A Concerned Photographer: Helen M. Stummer

How did you decide to photograph in Newark?

It took about two years. I think we’re all… we don’t notice the same things or respond to the same things… I wanted to find a place to photograph like I had on East Sixth Street. There I had the Children’s Aid Society. I would use that as my home base and use that to go out to the street. I was looking for that in Newark when I realized… this is a terrible place. I drove around and I photographed a church. It didn’t click, though. It didn’t feel good. It just didn’t feel right, the pictures just came out… “blah.”

But I kept responding and seeing that building, 322, because it’s on the way home to 78. I would go from Irvine Turner Boulevard to 78 and pass this one building, 322. I started photographing on the corner there, because it scared me. The person from the Coalition Six, the group I was photographing for. I told the director how I felt about this building… every time we went by I would be totally electrified, I would be totally different. I could feel the pull. I could feel the whole thing. It scared me. There were people all around. They place was burned-out. So she said, “Let’s go drive there.” So we went to the corner. There was another building on the corner… it wasn’t frightening at all actually. She went up to the people… she was black, and introduced us. “What can we do to help you?” That’s what she said. And they said, “We would like that traffic light fixed. There are so many accidents here.” [The light was at the corner of Madison Avenue and Irvine Turner Boulevard.] Here people are living in this devastated condition and they’re concerned about a traffic light, that other people are getting hurt. The next day, the light was fixed. I came back a couple of days later, by myself… I was God. They didn’t say that, but that was how I was treated.

… I was so moved by the respect they gave me. I was allowed into another world. And that’s what most of my work has been about… I’ve been allowed into other worlds.

That was my start. But I wasn’t really happy with the pictures there. I kept looking at 322. Little by little, I photographed going to 322. The traffic light residents said: “You really don’t want to go there. It’s probably the worst place in Newark… it’s filled with drugs and prostitution.” One day I went up to them and saw the children playing. I asked them if I could photograph the children. I always start with that. They thought I was either from DYFS [The Division of Youth and Family Services] or a social worker. Then I would bring back always a photograph… and photograph more. Then I became involved with the families in the building. I was always scared to death. It was a really dangerous place. It wasn’t any fooling around. The connection I had with that house… 322… I photographed that building for fifteen years.

They had a second fire and people had to leave. The three major families whom I was involved with there… So, I followed them and still kept involved… I still am. One of them, I still am… I just saw her a few days ago. I photographed her children growing up. She’s over on North 13th Street now. And her son was killed, actually shot to death a year and a half ago. They asked me to photograph the funeral. I don’t want to photograph a funeral and people who are dead. I was so close to Khalif. I had never gone to a burial until last year, but I kept saying “I’ve got to do it… it’s my work.” This is part of it.

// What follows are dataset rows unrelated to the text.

Definition dim_ge3 : Prop :=
  exists a b c d, noncollinear a b c /\ ~ in_span (triple a b c) d.

Definition order_two : Prop :=
  forall l : ln A, exists p q, p <> q /\ inc p l /\ inc q l /\
    forall r, inc r l -> r = p \/ r = q.

(* collinearity of three points (lines through Q) in A/Q:
   they belong to a common pencil L(Q, E) for a plane E through Q *)
Definition collinear_at (Q : pt A) (a b c : ln A) : Prop :=
  exists E, plane E /\ E Q /\ line_in E a /\ line_in E b /\ line_in E c.

End AffineNotions.

Arguments noncollinear {A} a b c.
Arguments related {A} a b.
Arguments adjacent {A} a b.
Arguments collinear_at {A} Q a b c.

Definition semicollineation_at (A A' : affine_space) (f : ln A -> ln A')
    (Q : pt A) (Q' : pt A') : Prop :=
  (forall l, inc Q l -> inc Q' (f l)) /\
  (forall l m, inc Q l -> inc Q m -> f l = f m -> l = m) /\
  (forall l', inc Q' l' -> exists l, inc Q l /\ f l = l') /\
  (forall a b c, inc Q a -> inc Q b -> inc Q c ->
     collinear_at Q a b c -> collinear_at Q' (f a) (f b) (f c)).

From Stdlib Require Import Classical.

(* The only nontrivial geometry of A that is needed is that in a plane disjoint
   lines are parallel.  We prove it by sweeping the plane spanned by x, y, z with the
   parallels to d = xy through the points of l0 = xz: the swept points form a subspace
   (hence contain the span), and inside it two disjoint lines are parallel.
   - dim A >= 3: if A were a plane, the preimages of three parallel lines of A' without
     a common transversal would be pairwise parallel, hence have a transversal, whose
     image would be a transversal in A'.
   - Semicollineation at Q: lam maps each line into its image and is injective (it
     would be constant otherwise); so phi maps the pencil of Q onto that of lam Q.  If
     lines have at least three points, three coplanar lines through Q admit a
     transversal avoiding Q, and the images of the lines then lie in the plane spanned
     by lam Q and the images of two points of the transversal. *)

Section AffineGeometry.
Variable A : affine_space.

I keep pushing past that part where I don’t want to do something. You’ve got to take a risk. I was amazed by this funeral. The photograph I have here is huge. It was the second son who was shot to death, this woman, the mother. It was horrendous. I was exhausted. I said “I’m going home now.”

I said, “I was so tired…” But the son-in-law said you have to come to the RIP Site… I said, “I’m tired… I’ve got enough.” But when someone says something three times, I listen. He said, “Follow me.” He had this Jeep of some sort. We’re twisting all through these streets and all these places… you’re out of your mind; he pulled up in East Orange on Park Avenue. He double-parked, and I pulled up behind him. I don’t like the whole idea of being stuck out in the street like that. I think he got out of his Jeep and there were hundreds of people on the street all over. And he went, “Let her do what she wants…” he yelled out. There’s something with me… something takes over in me. I know it’s a moment that’s important and I go… I go with it, whatever it is. I started walking down the sidewalk. Everybody moved to make room for me. But I’m seeing this as the photograph. I’m seeing hundreds of people as the photograph. I didn’t even get to the site yet.

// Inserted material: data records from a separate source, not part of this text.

(* Let $a^*=(a^*_1,\dots,a^*_n)\in A$ be an aggregate strong Nash equilibrium of the $n$-player objective game $G$. Then $a^*$ is stable under perfect observability, i.e. there exist $\mu\in\mathcal M(\Theta^n)$ and a stable configuration $(\mu,b)$ whose aggregate outcome is the point mass at $a^*$.
   Context: Objective game: $G=(N,A,\pi)$ is a finite $n$-player normal-form game, $N=\{1,\dots,n\}$, finite action sets $A_i$, $A=\prod_{i\in N}A_i$, material payoff (fitness) functions $\pi_i:A\to\mathbb{R}$, extended multilinearly to mixed profiles in $\prod_{i}\Delta(A_i)$; $\pi=(\pi_1,\dots,\pi_n)$. A strategy profile $x\in\prod_i\Delta(A_i)$ is an aggregate strong Nash equilibrium if for every $J\subseteq N$ and every $\sigma_J\in\prod_{j\in J}\Delta(A_j)$ with $\sigma_j\neq x_j$ for some $j\in J$, $\sum_{j\in J}\pi_j(x)>\sum_{j\in J}\pi_j(\sigma_J,x_{-J})$. Preference types: $\Theta=\mathbb{R}^A$ (utility functions on $A$, extended multilinearly to mixed profiles). $\mathcal{M}(\Theta^n)$ is the set of product distributions $\mu=\mu_1\times\dots\times\mu_n$ on $\Theta^n$ with each $\mu_i$ finitely supported; $\operatorname{supp}\mu=\prod_i\operatorname{supp}\mu_i$, $\mu(\theta)=\prod_i\mu_i(\theta_i)$, $\mu_{-i}(\theta_{-i})=\prod_{j\neq i}\mu_j(\theta_j)$. Mutants: for nonempty $J\subseteq N$, a mutant sub-profile is $\tilde\theta_J\in\prod_{j\in J}(\Theta\setminus\operatorname{supp}\mu_j)$ with shares $\varepsilon=(\varepsilon_j)_{j\in J}\in(0,1)^{|J|}$, $\|\varepsilon\|=\max_j\varepsilon_j$; the post-entry distribution $\tilde\mu^\varepsilon$ has $\tilde\mu^\varepsilon_i=(1-\varepsilon_i)\mu_i+\varepsilon_i\delta_{\tilde\theta_i}$ for $i\in J$ and $\tilde\mu^\varepsilon_i=\mu_i$ otherwise. Perfect observability: for $\mu\in\mathcal M(\Theta^n)$, an equilibrium is a map $b:\operatorname{supp}\mu\to\prod_i\Delta(A_i)$ such that for each $\theta$, $b(\theta)$ is a Nash equilibrium of the normal-form game with action sets $A_i$ and payoffs $\theta_1,\dots,\theta_n$; $B_1(\mu)$ is the set of these; $(\mu,b)$ with $b\in B_1(\mu)$ is a configuration, with aggregate outcome $\varphi_{\mu,b}(a)=\sum_{\theta\in\operatorname{supp}\mu}\mu(\theta)\prod_{i}b_i(\theta)(a_i)$. Average fitness of $\theta_i\in\operatorname{supp}\mu_i$: $\Pi_{\theta_i}(\mu;b)=\sum_{\theta'_{-i}\in\operatorname{supp}\mu_{-i}}\mu_{-i}(\theta'_{-i})\pi_i(b(\theta_i,\theta'_{-i}))$. $(\mu,b)$ is balanced if for each $i$ all types in $\operatorname{supp}\mu_i$ have equal average fitness. Focal set: $B_1(\tilde\mu^\varepsilon;b)=\{\tilde b\in B_1(\tilde\mu^\varepsilon):\tilde b(\theta)=b(\theta)\ \forall\theta\in\operatorname{supp}\mu\}$. $(\mu,b)$ is stable if it is balanced and for every nonempty $J\subseteq N$ and every mutant sub-profile $\tilde\theta_J$ there is $\bar\epsilon\in(0,1)$ such that for every $\varepsilon\in(0,1)^{|J|}$ with $\|\varepsilon\|<\bar\epsilon$ and every $\tilde b\in B_1(\tilde\mu^\varepsilon;b)$, either (i) there is $j\in J$ with $\Pi_{\theta_j}(\tilde\mu^\varepsilon;\tilde b)>\Pi_{\tilde\theta_j}(\tilde\mu^\varepsilon;\tilde b)$ for all $\theta_j\in\operatorname{supp}\mu_j$, or (ii) for every $i\in N$ all types in $\operatorname{supp}\tilde\mu^\varepsilon_i$ have equal average fitness under $(\tilde\mu^\varepsilon,\tilde b)$. *)

From HB Require Import structures.
From mathcomp Require Import all_boot all_order all_algebra.
Set Implicit Arguments. Unset Strict Implicit. Unset Printing Implicit Defensive.
Import Order.TTheory GRing.Theory Num.Theory.
Local Open Scope ring_scope.

Section Game.
Variables (R : realFieldType) (n : nat) (A : 'I_n -> finType).

Definition prof := {dffun forall i : 'I_n, A i}.

Definition mstrat (i : 'I_n) := {ffun A i -> R}.
Definition mprof := forall i : 'I_n, mstrat i.

Definition is_mixed (i : 'I_n) (p : mstrat i) : Prop :=
  (forall a, 0 <= p a) /\ \sum_(a : A i) p a = 1.

Definition is_mprof (x : mprof) : Prop := forall i, is_mixed (x i).

Definition EU (u : prof -> R) (x : mprof) : R :=
  \sum_(a : prof) (\prod_(i < n) x i (a i)) * u a.

Definition pure_mix (a : prof) : mprof :=
  fun i => [ffun c : A i => if c == a i then 1 else 0].

Definition dev (J : {set 'I_n}) (sigma x : mprof) : mprof :=
  fun j => if j \in J then sigma j else x j.

Definition agg_strong_NE (pi : 'I_n -> prof -> R) (x : mprof) : Prop :=
  is_mprof x /\
  forall (J : {set 'I_n}) (sigma : mprof),
    (forall j, j \in J -> is_mixed (sigma j)) ->
    (exists2 j, j \in J & sigma j != x j) ->
    \sum_(j in J) EU (pi j) (dev J sigma x) < \sum_(j in J) EU (pi j) x.

Definition Theta := {ffun prof -> R}.
Definition tprof := {ffun 'I_n -> Theta}.

Definition is_NE (th : tprof) (x : mprof) : Prop :=
  is_mprof x /\
  forall (i : 'I_n) (sigma : mprof), is_mixed (sigma i) ->
    EU (th i) (dev [set i] sigma x) <= EU (th i) x.

(* a finitely supported distribution mu_i on Theta: support psupp, weights pw *)
Record pop := Pop { psupp : seq Theta ; pw : Theta -> R }.

Definition valid_pop (p : pop) : Prop :=
  [/\ uniq (psupp p), (forall t, t \in psupp p -> 0 < pw p t)
    & \sum_(t <- psupp p) pw p t = 1].

(* product distribution mu = mu_1 x ... x mu_n *)
Definition dist := 'I_n -> pop.
Definition valid_dist (mu : dist) : Prop := forall i, valid_pop (mu i).

Definition in_supp (mu : dist) (th : tprof) : Prop :=
  forall i, th i \in psupp (mu i).

(* enumeration of supp mu as a finite type *)
Definition suppT (mu : dist) := {dffun forall j : 'I_n, seq_sub (psupp (mu j))}.
Definition tval (mu : dist) (k : suppT mu) : tprof := [ffun j => val (k j)].

Definition smap := tprof -> mprof.

Definition B1 (mu : dist) (b : smap) : Prop :=
  forall th, in_supp mu th -> is_NE th (b th).

Definition outcome (mu : dist) (b : smap) (a : prof) : R :=
  \sum_(k : suppT mu) (\prod_(i < n) pw (mu i) (val (k i)))
                      * \prod_(i < n) b (tval k) i (a i).

Definition avg_fit (pi : 'I_n -> prof -> R) (mu : dist) (b : smap)
    (i : 'I_n) (t : Theta) : R :=
  \sum_(k : suppT mu | val (k i) == t)
     (\prod_(j < n | j != i) pw (mu j) (val (k j))) * EU (pi i) (b (tval k)).

Definition balanced (pi : 'I_n -> prof -> R) (mu : dist) (b : smap) : Prop :=
  forall i t t', t \in psupp (mu i) -> t' \in psupp (mu i) ->
    avg_fit pi mu b i t = avg_fit pi mu b i t'.

Definition post_entry (mu : dist) (J : {set 'I_n}) (mt : 'I_n -> Theta)
    (eps : 'I_n -> R) : dist :=
  fun i => if i \in J then
     Pop (rcons (psupp (mu i)) (mt i))
         (fun t => if t == mt i then eps i else (1 - eps i) * pw (mu i) t)
   else mu i.

Definition focal (mu : dist) (b bt : smap) : Prop :=
  forall th, in_supp mu th -> forall i, bt th i = b th i.

Definition stable (pi : 'I_n -> prof -> R) (mu : dist) (b : smap) : Prop :=
  balanced pi mu b /\
  forall (J : {set 'I_n}) (mt : 'I_n -> Theta),
    J != set0 ->
    (forall j, j \in J -> mt j \notin psupp (mu j)) ->
    exists eb : R, [/\ 0 < eb, eb < 1 &
      forall (eps : 'I_n -> R) (bt : smap),
        (forall j, j \in J -> 0 < eps j /\ eps j < eb) ->
        B1 (post_entry mu J mt eps) bt ->
        focal mu b bt ->
        (exists2 j, j \in J &
           forall t, t \in psupp (mu j) ->
             avg_fit pi (post_entry mu J mt eps) bt j (mt j)
               < avg_fit pi (post_entry mu J mt eps) bt j t)
        \/ balanced pi (post_entry mu J mt eps) bt].

End Game.

From Pilot Require Import Defs.
From HB Require Import structures.
From mathcomp Require Import all_boot all_order all_algebra.
From mathcomp Require Import lra ring.
Set Implicit Arguments. Unset Strict Implicit. Unset Printing Implicit Defensive.
Import Order.TTheory GRing.Theory Num.Theory.
Local Open Scope ring_scope.

(* Populate every position i with the single commitment type
   theta_i(a) = [a_i = astar_i], for which astar_i is strictly dominant:
   in every equilibrium after entry the residents play astar, so only mutants
   deviate.  As A is finite, aggregate strong Nash equilibrium gives a margin
   c > 0 by which every coalition of pure deviators loses in aggregate,
   relative to the total payoff displacement.  For mutant shares below c,
   sum_j eps_j (1 - eps_j) (Pi_mutant_j - Pi_resident_j) is an average, over
   the type profiles, of the deviating coalition's aggregate gain minus
   sum_j eps_j (gain of j), hence nonpositive.  So either some mutant is
   strictly outperformed, or every gap vanishes and balance holds. *)

Lemma bigA_distr_dffun (R : comNzRingType) (I : finType) (T_ : I -> finType)
    (F : forall i, T_ i -> R) :
  \prod_i \sum_(c : T_ i) F i c = \sum_(a : {dffun forall i, T_ i}) \prod_i F i (a i).
Proof.
pose P_ i := [ffun c : T_ i => F i c].
transitivity (\prod_i \sum_(j in tagged_with T_ i) untag 0 (P_ i) j).
  apply: eq_bigr => i _; rewrite -(big_tag (fun i c => P_ i c)).
  by apply: eq_bigr => c _; rewrite ffunE.
rewrite bigA_distr_big_dep -(big_fprod _ _ P_) /=.
rewrite (reindex (@fprod_of_dffun I T_)); last exact/onW_bij/fprod_of_dffun_bij.
apply: eq_bigr => a _; apply: eq_bigr => i _.
by rewrite /fprod_of_dffun fprodE ffunE.
Qed.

You know what I do… I really have a deep respect for everybody… how they think; how they are. I picked up my camera as a signal that I wanted to take a picture, and most people turned their back on me. That was a signal that they didn’t want to be photographed, so I put my camera down. I didn’t take the picture because it’s very disrespectful. I kept walking and these three men said, “Come on, come on,” and then the site was there and they posed… usually I don’t like posing. I only have a couple of pictures in all these years. I always tell them to be natural. Act like I’m not here. But there they were and there’s the picture.

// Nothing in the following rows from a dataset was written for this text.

Lemma scale_small e C : 0 < e -> 0 <= C -> exists n, scale n * C < e.
Proof.
  intros He HC. destruct (pow_lt_1_zero (/ 2) ltac:(rewrite Rabs_pos_eq; lra) (e / (C + 1)))
    as [n Hn]; [apply Rdiv_lt_0_compat; lra|].
  exists n. specialize (Hn n (le_n n)). rewrite Rabs_pos_eq in Hn by (left; apply scale_pos).
  fold (scale n) in Hn. apply Rmult_lt_compat_r with (r := C + 1) in Hn; [|lra].
  unfold Rdiv in Hn. rewrite Rmult_assoc, Rinv_l, Rmult_1_r in Hn by lra.
  pose proof (scale_pos n). nra.
Qed.

Section Similitudes.

Variable P : idx -> pt.

Lemma Fw_app w v x : Fw P (w ++ v) x = Fw P w (Fw P v x).
Proof. induction w; simpl; congruence. Qed.

Lemma Fmap_fix a : Fmap P a (P a) = P a.
Proof. unfold Fmap. destruct (P a); simpl; f_equal; ring. Qed.

Lemma Fmap_swap c k : Fmap P c (P k) = Fmap P k (P c).
Proof. unfold Fmap. simpl. f_equal; field. Qed.

Lemma Fw_repeat_fix a n : Fw P (repeat a n) (P a) = P a.
Proof. induction n; simpl; auto. rewrite IHn. apply Fmap_fix. Qed.

Lemma Fmap_eq_seg j x : Fmap P j x = seg x (P j) (/ 2).
Proof. unfold Fmap, seg; simpl; f_equal; field. Qed.

Lemma Fw_seg w x y t : Fw P w (seg x y t) = seg (Fw P w x) (Fw P w y) t.
Proof. induction w; simpl; auto. rewrite IHw. unfold Fmap, seg; simpl; f_equal; ring. Qed.

Lemma Fw_sub w x y :
  fst (Fw P w x) - fst (Fw P w y) = scale (length w) * (fst x - fst y) /\
  snd (Fw P w x) - snd (Fw P w y) = scale (length w) * (snd x - snd y).
Proof.
  induction w as [|i w [IH1 IH2]]; simpl; [unfold scale; simpl; split; ring|].
  rewrite scale_S. unfold Fmap; simpl. split; lra.
Qed.

Lemma edist_Fw w x y : edist (Fw P w x) (Fw P w y) = scale (length w) * edist x y.
Proof.
  unfold edist. destruct (Fw_sub w x y) as [-> ->].
  replace ((scale (length w) * (fst x - fst y)) ^ 2 + (scale (length w) * (snd x - snd y)) ^ 2)
    with (scale (length w) ^ 2 * ((fst x - fst y) ^ 2 + (snd x - snd y) ^ 2)) by ring.
  rewrite sqrt_mult_alt, sqrt_pow2 by (apply pow2_ge_0 || (left; apply scale_pos)). reflexivity.
Qed.

Lemma cell_edge_segment w a b x :
  cell_edge P w a b x <-> segment (Fw P w (P a)) (Fw P w (P b)) x.
Proof.
  split; intros [u [Hu ->]]; exists u; split; auto.
  - change (Fw P w (seg (P a) (P b) u) = seg (Fw P w (P a)) (Fw P w (P b)) u). apply Fw_seg.
  - change (seg (Fw P w (P a)) (Fw P w (P b)) u = Fw P w (seg (P a) (P b) u)). symmetry; apply Fw_seg.
Qed.

End Similitudes.

(** * Barycentric coordinates *)

Definition idx_eq_dec (a b : idx) : {a = b} + {a <> b}.
Proof. decide equality. Defined.

Definition kron (i j : idx) : R := if idx_eq_dec i j then 1 else 0.

Lemma kron_ge0 i j : 0 <= kron i j.
Proof. unfold kron; destruct (idx_eq_dec i j); lra. Qed.

Lemma idx_lt_neq a b : idx_lt a b -> a <> b.
Proof. destruct a, b; simpl; intros; try tauto; discriminate. Qed.

Lemma idx_lt_total i j : i <> j -> idx_lt i j \/ idx_lt j i.
Proof. destruct i, j; simpl; intros; try congruence; tauto. Qed.

Fixpoint cell_offset (i : idx) (w : list idx) : R :=
  match w with nil => 0 | j :: w' => (cell_offset i w' + kron i j) / 2 end.

Lemma cell_offset_ge0 i w : 0 <= cell_offset i w.
Proof. induction w; simpl; [lra|]. pose proof (kron_ge0 i a). lra. Qed.

Section Barycentric.

Variable P : idx -> pt.
Hypothesis HE : equilateral P.

Definition side := edist (P i1) (P i2).

Definition ux := fst (P i2) - fst (P i1).
Definition uy := snd (P i2) - snd (P i1).
Definition vx := fst (P i3) - fst (P i1).
Definition vy := snd (P i3) - snd (P i1).
Definition det_uv := ux * vy - uy * vx.

(* Coordinates of [x - p_1] in the basis [p_2 - p_1], [p_3 - p_1] (Cramer's rule). *)
Definition bary2 (x : pt) := ((fst x - fst (P i1)) * vy - (snd x - snd (P i1)) * vx) / det_uv.
Definition bary3 (x : pt) := (ux * (snd x - snd (P i1)) - uy * (fst x - fst (P i1))) / det_uv.

Definition bary (i : idx) (x : pt) : R :=
  match i with i1 => 1 - bary2 x - bary3 x | i2 => bary2 x | i3 => bary3 x end.

Lemma side_equations :
  side ^ 2 = ux ^ 2 + uy ^ 2 /\ side ^ 2 = vx ^ 2 + vy ^ 2 /\
  side ^ 2 = (ux - vx) ^ 2 + (uy - vy) ^ 2.
Proof.
  destruct HE as [_ [H12 H23]]. unfold side.
  assert (Hsq : forall x y, edist x y ^ 2 = (fst x - fst y) ^ 2 + (snd x - snd y) ^ 2).
  { intros. unfold edist. rewrite pow2_sqrt; [ring|].
    pose proof (pow2_ge_0 (fst x - fst y)). pose proof (pow2_ge_0 (snd x - snd y)). lra. }
  assert (E13 : edist (P i1) (P i3) = edist (P i1) (P i2)) by lra.
  assert (E23 : edist (P i2) (P i3) = edist (P i1) (P i2)) by lra.
  rewrite <- E13 at 2. rewrite <- E23 at 2. rewrite !Hsq. unfold ux, uy, vx, vy.
  repeat split; ring.
Qed.

Lemma side_pos : 0 < side.
Proof.
  destruct (edist_ge0 (P i1) (P i2)) as [|E]; auto.
  exfalso. destruct HE as [Hne _]. apply Hne, edist_eq0. auto.
Qed.

Lemma dot_uv : ux * vx + uy * vy = side ^ 2 / 2.
Proof. destruct side_equations as [A [B C]]. nra. Qed.

Lemma det_uv_neq0 : det_uv <> 0.
Proof.
  intros Hd. destruct side_equations as [A [B _]]. pose proof dot_uv. pose proof side_pos.
  assert (E : det_uv ^ 2 = (ux ^ 2 + uy ^ 2) * (vx ^ 2 + vy ^ 2) - (ux * vx + uy * vy) ^ 2)
    by (unfold det_uv; ring).
  rewrite Hd, <- A, <- B, H in E.
  assert (0 < side ^ 2) by (apply pow_lt; lra). nra.
Qed.

Lemma bary_coords x :
  x = (fst (P i1) + bary2 x * ux + bary3 x * vx, snd (P i1) + bary2 x * uy + bary3 x * vy).
Proof.
  pose proof det_uv_neq0. destruct x as [x1 x2]. unfold bary2, bary3, det_uv in *; simpl.
  f_equal; field; auto.
Qed.

Lemma bary_inj x y : (forall i, bary i x = bary i y) -> x = y.
Proof.
  intros H. rewrite (bary_coords x), (bary_coords y).
  specialize (H i2) as E2. specialize (H i3) as E3. simpl in E2, E3. rewrite E2, E3. reflexivity.
Qed.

It was there. It’s huge. Then I walked back again and I was so moved by the respect they gave me. I was allowed into another world. And that’s what most of my work has been about… I’ve been allowed into other worlds. It doesn’t happen. You don’t experience that and I’m very lucky. It’s been absolutely incredible and I healed myself. Because I was extremely shy and you can hide behind the camera. It gave me… It was a tool I could hide behind. It brought me out of myself. I was able to relate to people and people related to me. The whole experience became healing in itself.